• WHAT TO WORK ON
Print every line below without adding or leaving out a single word.

___ RECORDED DATA

Lemma knot_le (m n : nat) : (m <= n)%nat -> knot m <= knot n.
Proof.
  induction 1 as [|n _ IH]; [lra|]. rewrite knot_S. pose proof (inv_pow2_pos (S n)). lra.
Qed.

Lemma knot_le_S (m : nat) : knot m <= knot (S m).
Proof. apply knot_le. lia. Qed.

Lemma knot_lt_half (n : nat) : knot n < 1/2.
Proof. unfold knot. pose proof (inv_pow2_pos n). lra. Qed.

Lemma knot_1 : knot 1 = 0.
Proof. unfold knot. simpl. lra. Qed.

Lemma knot_nonneg (n : nat) : (1 <= n)%nat -> 0 <= knot n.
Proof. intro Hn. rewrite <- knot_1. now apply knot_le. Qed.

Lemma knot_bracket (s : R) : 0 < s < 1/2 -> exists m, (1 <= m)%nat /\ knot m < s <= knot (S m).
Proof.
  intro Hs. destruct (inv_pow2_lt (1/2 - s) ltac:(lra)) as [N [_ HN]].
  assert (HsN : s <= knot N) by (unfold knot; lra). clear HN.
  induction N as [|N IH].
  - unfold knot in HsN. simpl in HsN. lra.
  - destruct (Rle_dec s (knot N)) as [HsN'|HNs]; [now apply IH|].
    destruct N as [|N]; [rewrite knot_1 in HsN; lra|].
    exists (S N). split; [lia | lra].
Qed.

Lemma tent_knot (m n : nat) : tent m (knot n) = 0.
Proof.
  unfold tent. pose proof (knot_le_S m).
  destruct (le_lt_dec n m) as [Hnm|Hmn].
  - pose proof (knot_le _ _ Hnm). unfold Rmax, Rmin; repeat destruct Rle_dec; lra.
  - assert (Hmn' : (S m <= n)%nat) by lia. pose proof (knot_le _ _ Hmn').
    unfold Rmax, Rmin; repeat destruct Rle_dec; lra.
Qed.

Lemma tent_half (m : nat) : tent m (1/2) = 0.
Proof.
  unfold tent. pose proof (knot_lt_half (S m)).
  unfold Rmax, Rmin; repeat destruct Rle_dec; lra.
Qed.

Lemma tent_diff_le_clamp (m : nat) (s t : R) :
  Rabs (tent m s - tent m t) <=
  Rabs (clamp (knot m) (knot (S m)) s - clamp (knot m) (knot (S m)) t).
Proof.
  pose proof (knot_le_S m). unfold tent, clamp, Rmax, Rmin.
  repeat destruct Rle_dec; unfold Rabs; repeat destruct Rcase_abs; lra.
Qed.

Lemma clamp_le (a b x y : R) : a <= b -> x <= y -> clamp a b x <= clamp a b y.
Proof. intros. unfold clamp, Rmax, Rmin; repeat destruct Rle_dec; lra. Qed.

______

• ANSWER SPACE
Lemma knot_le (m n : nat) : (m <= n)%nat -> knot m <= knot n.
Proof.
  induction 1 as [|n _ IH]; [lra|]. rewrite knot_S. pose proof (inv_pow2_pos (S n)). lra.
Qed.

Lemma knot_le_S (m : nat) : knot m <= knot (S m).
Proof. apply knot_le. lia. Qed.

Lemma knot_lt_half (n : nat) : knot n < 1/2.
Proof. unfold knot. pose proof (inv_pow2_pos n). lra. Qed.

Lemma knot_1 : knot 1 = 0.
Proof. unfold knot. simpl. lra. Qed.

Lemma knot_nonneg (n : nat) : (1 <= n)%nat -> 0 <= knot n.
Proof. intro Hn. rewrite <- knot_1. now apply knot_le. Qed.

Lemma knot_bracket (s : R) : 0 < s < 1/2 -> exists m, (1 <= m)%nat /\ knot m < s <= knot (S m).
Proof.
  intro Hs. destruct (inv_pow2_lt (1/2 - s) ltac:(lra)) as [N [_ HN]].
  assert (HsN : s <= knot N) by (unfold knot; lra). clear HN.
  induction N as [|N IH].
  - unfold knot in HsN. simpl in HsN. lra.
  - destruct (Rle_dec s (knot N)) as [HsN'|HNs]; [now apply IH|].
    destruct N as [|N]; [rewrite knot_1 in HsN; lra|].
    exists (S N). split; [lia | lra].
Qed.

Lemma tent_knot (m n : nat) : tent m (knot n) = 0.
Proof.
  unfold tent. pose proof (knot_le_S m).
  destruct (le_lt_dec n m) as [Hnm|Hmn].
  - pose proof (knot_le _ _ Hnm). unfold Rmax, Rmin; repeat destruct Rle_dec; lra.
  - assert (Hmn' : (S m <= n)%nat) by lia. pose proof (knot_le _ _ Hmn').
    unfold Rmax, Rmin; repeat destruct Rle_dec; lra.
Qed.

Lemma tent_half (m : nat) : tent m (1/2) = 0.
Proof.
  unfold tent. pose proof (knot_lt_half (S m)).
  unfold Rmax, Rmin; repeat destruct Rle_dec; lra.
Qed.

Lemma tent_diff_le_clamp (m : nat) (s t : R) :
  Rabs (tent m s - tent m t) <=
  Rabs (clamp (knot m) (knot (S m)) s - clamp (knot m) (knot (S m)) t).
Proof.
  pose proof (knot_le_S m). unfold tent, clamp, Rmax, Rmin.
  repeat destruct Rle_dec; unfold Rabs; repeat destruct Rcase_abs; lra.
Qed.

Lemma clamp_le (a b x y : R) : a <= b -> x <= y -> clamp a b x <= clamp a b y.
Proof. intros. unfold clamp, Rmax, Rmin; repeat destruct Rle_dec; lra. Qed.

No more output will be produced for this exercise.